▶ **Problem to solve**
Below are entries; copy exactly the lines from the one with "rewrite /tan_ang -[ucomp" through the one with "by rewrite scale0r addr0 [_%:A]mulr1.", both included, and leave out the rest.

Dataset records
Lemma is_derive_tan_ang (v : R -> 'rV[R]_n.+1) (t : R) (dv : 'rV[R]_n.+1) :
  is_derive t 1 v dv -> ucomp (v t) != 0 -> snorm (v t) != 0 ->
  is_derive t 1 (fun s => tan_ang (v s))
    (sdot (v t) dv / (snorm (v t) * `|ucomp (v t)|)
     - tan_ang (v t) * (ucomp dv / ucomp (v t))).
Proof.
move=> vdrv vu_neq0 vs_neq0.
have u_drv := is_derive_norm (is_derive_coord ord0 ord0 vdrv) vu_neq0.
have u_norm_neq0 : `|ucomp (v t)| != 0 by rewrite normr_eq0.
have := is_deriveM (is_derive_snorm vdrv vs_neq0)
  (is_deriveV (f := fun s => `|ucomp (v s)|) u_norm_neq0 u_drv).
move=> /is_derive_eq; apply.
rewrite /tan_ang -[ucomp _]/(v t ord0 ord0) -[ucomp dv]/(dv ord0 ord0).
rewrite real_normK ?num_real //.
have scaleE (k r : R) : k *: r = k * r by [].
by rewrite !scaleE; field; rewrite vs_neq0 vu_neq0 u_norm_neq0.
Qed.

Lemma derive_vfield (al ga be : R) a w : 0 < enorm a ->
  'D_w (vfield al ga be) a =
  ((al * enorm a `^ al * (ucomp a * ucomp w + sdot a w) / enorm a ^+ 2) *: a
   + enorm a `^ al *: w) *m Amx n ga be.
Proof.
move=> a_gt0; rewrite derive_along_line.
pose line h : 'rV[R]_n.+1 := h *: w + a.
pose psi h := enorm (line h) `^ al.
have line_drv : is_derive (0 : R) 1 line w.
  have := is_deriveD (is_derive_scalel w (is_derive_id (0 : R) 1))
    (is_derive_cst a (0 : R) 1).
  by rewrite scale1r addr0.
have line0 : line 0 = a by rewrite /line scale0r add0r.
have psi_drv : is_derive (0 : R) 1 psi
    (al * enorm a `^ (al - 1) * ((ucomp a * ucomp w + sdot a w) / enorm a)).
  have line0_gt0 : 0 < enorm (line 0) by rewrite line0.
  have := @is_derive1_comp R (@powR R ^~ al) (fun h : R => enorm (line h)) 0 _ _
    (is_derive1_powR al line0_gt0) (is_derive_enorm line_drv line0_gt0).
  by rewrite line0.
have psi_id_drv : is_derive (0 : R) 1 (psi * id) (psi 0).
  have := is_deriveM psi_drv (is_derive_id (0 : R) 1).
  by rewrite scale0r addr0 [_%:A]mulr1.
have vfield_line : (fun h => vfield al ga be (h *: w + a)) =
    (fun h => psi h *: (a *m Amx n ga be)) + (fun h => (psi * id) h *: (w *m Amx n ga be)).
  apply/funext => h.
  change (psi h *: (line h *m Amx n ga be)
          = psi h *: (a *m Amx n ga be) + (psi h * h) *: (w *m Amx n ga be)).
  by rewrite /line mulmxDl scalerDr -scalemxAl scalerA addrC.
have vfield_line_drv := is_deriveD (is_derive_scalel (a *m Amx n ga be) psi_drv)
  (is_derive_scalel (w *m Amx n ga be) psi_id_drv).
rewrite vfield_line (@derive_val _ _ _ _ _ _ _ vfield_line_drv).
rewrite mulmxDl -!scalemxAl /psi line0; congr (_ *: _ + _).
rewrite powRB ?(gt_eqF a_gt0) ?implybT // powRr1 ?(ltW a_gt0) //.
by field; rewrite gt_eqF.
Qed.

▶ **Problem solution**
rewrite /tan_ang -[ucomp _]/(v t ord0 ord0) -[ucomp dv]/(dv ord0 ord0).
rewrite real_normK ?num_real //.
have scaleE (k r : R) : k *: r = k * r by [].
by rewrite !scaleE; field; rewrite vs_neq0 vu_neq0 u_norm_neq0.
Qed.

Lemma derive_vfield (al ga be : R) a w : 0 < enorm a ->
  'D_w (vfield al ga be) a =
  ((al * enorm a `^ al * (ucomp a * ucomp w + sdot a w) / enorm a ^+ 2) *: a
   + enorm a `^ al *: w) *m Amx n ga be.
Proof.
move=> a_gt0; rewrite derive_along_line.
pose line h : 'rV[R]_n.+1 := h *: w + a.
pose psi h := enorm (line h) `^ al.
have line_drv : is_derive (0 : R) 1 line w.
  have := is_deriveD (is_derive_scalel w (is_derive_id (0 : R) 1))
    (is_derive_cst a (0 : R) 1).
  by rewrite scale1r addr0.
have line0 : line 0 = a by rewrite /line scale0r add0r.
have psi_drv : is_derive (0 : R) 1 psi
    (al * enorm a `^ (al - 1) * ((ucomp a * ucomp w + sdot a w) / enorm a)).
  have line0_gt0 : 0 < enorm (line 0) by rewrite line0.
  have := @is_derive1_comp R (@powR R ^~ al) (fun h : R => enorm (line h)) 0 _ _
    (is_derive1_powR al line0_gt0) (is_derive_enorm line_drv line0_gt0).
  by rewrite line0.
have psi_id_drv : is_derive (0 : R) 1 (psi * id) (psi 0).
  have := is_deriveM psi_drv (is_derive_id (0 : R) 1).
  by rewrite scale0r addr0 [_%:A]mulr1.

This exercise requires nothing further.